Knidocyten kenmerken, structuur, functies, typen

3405
Simon Doyle

De cnidocyten ze zijn een soort sensorische cellen die uitsluitend worden aangetroffen in cnidarians (hydra's, koralen, kwallen, zeewespen, anemonen, enz.). Deze cellen hebben verschillende cytoplasmatische organellen, cnids genaamd, die bestaan ​​uit een capsule met een filament dat uit de cel expandeert. Cnidocyten kunnen meer dan 20 soorten cnids hebben.

Cnidocyten scheiden stekende stoffen af ​​die hen beschermingsfuncties geven tegen roofdieren en het vangen van prooien. Zodra de cniden uitwendig zijn ontladen, waarbij deze stoffen vrijkomen, wordt de cel opnieuw door het lichaam opgenomen en vervangen door een nieuwe cnidocyt..

Bron: Josuevg [CC BY-SA 3.0 (https://creativecommons.org/licenses/by-sa/3.0)]

Artikel index

  • 1 Kenmerken en structuur
  • 2 Knidos
    • 2.1 Herkomst van de cnids
    • 2.2 Ontladingsmechanisme van de cnids
  • 3 functies
  • 4 soorten
  • 5 referenties

Kenmerken en structuur

Cnidocyten zijn afkomstig van invaginatie van interstitiële cellen van de epidermis. Bij sommige soorten zijn ze afkomstig van de ectodermis en bij andere van de endodermis. Naarmate cellen zich ontwikkelen, staan ​​ze bekend als cnidoblasten..
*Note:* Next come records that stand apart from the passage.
(* Let $p$ be a prime and $b$ an integer with $0<b<p$. If $S^G_{1,b}$ is generated by 4 invariants (i.e. $|\mathrm{inv}_{1,b}|=4$, so $R=\mathbb{C}[y_0,y_1,y_2,y_3]$), then $$\ker\varphi_{1,b}=\langle\, y_1^{p-b^{-1}}-y_0y_2,\ \ y_2^{p-b}-y_1y_3,\ \ y_1^{p-b^{-1}-1}y_2^{p-b-1}-y_0y_3\,\rangle.$$
   Context: Let $S=\mathbb{C}[x_1,x_2]$ (standard grading), $\zeta=e^{2\pi i/p}$, $G=\mathbb{Z}/p\mathbb{Z}=\langle\zeta\rangle$ acting on $S$ by $x_1\mapsto\zeta x_1$, $x_2\mapsto\zeta^bx_2$, with invariant ring $S^G_{1,b}$ (spanned by monomials $x_1^cx_2^d$ with $c+bd\equiv0\pmod p$). $\mathrm{inv}_{1,b}$ denotes the minimal set of monomial generators of $S^G_{1,b}$ as a $\mathbb{C}$-algebra: the nonconstant invariant monomials that are not a product of two nonconstant invariant monomials. Writing $\mathrm{inv}_{1,b}=\{z_0,\dots,z_n\}$ in lexicographic order with $x_1>x_2$ (i.e. in decreasing order of the exponent of $x_1$), $R=\mathbb{C}[y_0,\dots,y_n]$ with $\deg y_i=\deg z_i$, and $\varphi_{1,b}:R\to S^G_{1,b}$ is the $\mathbb{C}$-algebra map $y_i\mapsto z_i$. $b^{-1}$ is the unique integer $0<b^{-1}<p$ with $bb^{-1}\equiv1\pmod p$. *)

From HB Require Import structures.
From mathcomp Require Import all_boot all_order all_algebra.
From mathcomp Require Import mpoly.
From mathcomp Require Import complex.
From mathcomp Require Import reals.
Set Implicit Arguments. Unset Strict Implicit. Unset Printing Implicit Defensive.
Import Order.TTheory GRing.Theory Num.Theory.
Local Open Scope ring_scope.

(* A monomial x1^c x2^d of S = C[x1,x2] is encoded by its exponent pair (c,d). *)
(* It is G-invariant (for the action x1 -> zeta x1, x2 -> zeta^b x2) iff
   c + b d = 0 mod p. *)
Definition inv_monomial (p b : nat) (m : nat * nat) : Prop :=
  (p %| m.1 + b * m.2)%N.

Definition nc_inv_monomial (p b : nat) (m : nat * nat) : Prop :=
  m <> (0%N, 0%N) /\ inv_monomial p b m.

Definition in_inv_1b (p b : nat) (m : nat * nat) : Prop :=
  nc_inv_monomial p b m /\
  ~ (exists m1 m2, nc_inv_monomial p b m1 /\ nc_inv_monomial p b m2 /\
                   m = (m1.1 + m2.1, m1.2 + m2.2)%N).

Definition monoS (K : comRingType) (m : nat * nat) : {mpoly K[2]} :=
  'X_(inord 0) ^+ m.1 * 'X_(inord 1) ^+ m.2.

Definition yv (K : comRingType) (i : nat) : {mpoly K[4]} := 'X_(inord i).

Definition phi (K : comRingType) (z : 'I_4 -> nat * nat)
  (f : {mpoly K[4]}) : {mpoly K[2]} :=
  mmap (fun c => c%:MP) (fun i => monoS K (z i)) f.

(* Once inv_{1,b} has four elements, the ordering forces them to be x1^p,
   x1^u x2, x1 x2^v and x2^p with u = p - b and v = p - b^{-1}; moreover
   u v = p + 1, since the invariant monomial x1^(b+1) x2^(v-1) must be a sum of
   generators, and the only possibility is (v - 1) times x1^u x2.
   The three binomials then behave like a Groebner basis of ker phi. Rewriting
   y0 y2 -> y1^v, y1 y3 -> y2^u and y0 y3 -> y1^(v-1) y2^(u-1) brings every
   monomial to a standard one, divisible by none of y0 y2, y1 y3, y0 y3, and phi
   is injective on standard monomials: if phi (y^(a,b,c,d)) = x1^X x2^Y then
   u Y - X = p (c + u d - a) and v X - Y = p (v a + b - d), and these two numbers
   determine a standard exponent (a, b, c, d). *)

From HB Require Import structures.
From mathcomp Require Import all_boot all_order all_algebra.
From mathcomp Require Import mpoly complex reals.
From mathcomp Require Import zify ring.
From Stdlib Require Import Classical.
Set Implicit Arguments. Unset Strict Implicit. Unset Printing Implicit Defensive.
Import GRing.Theory.

Lemma ord4P (i : 'I_4) : [\/ i = inord 0, i = inord 1, i = inord 2 | i = inord 3].
Proof.
by case: i => -[|[|[|[|//]]]] lti; [constructor 1|constructor 2|constructor 3|constructor 4];
  apply: val_inj; rewrite /= inordK.
Qed.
Deze cellen zijn over het algemeen rond en eivormig en hebben een grote basale kern. Ze worden verspreid over de epidermis van individuen aangetroffen, en komen vaker voor in de tentakels en de mondholte..

Bij de meeste cnidarians, behalve de Hydrozoa-klasse (hydroïden en hydromedusae), worden cnidocyten aangetroffen in de gastrodermis (intern epitheel) die de gastrovasculaire holte (coelenteron) bedekken. Deze cnidocyten vervullen voedingsfuncties.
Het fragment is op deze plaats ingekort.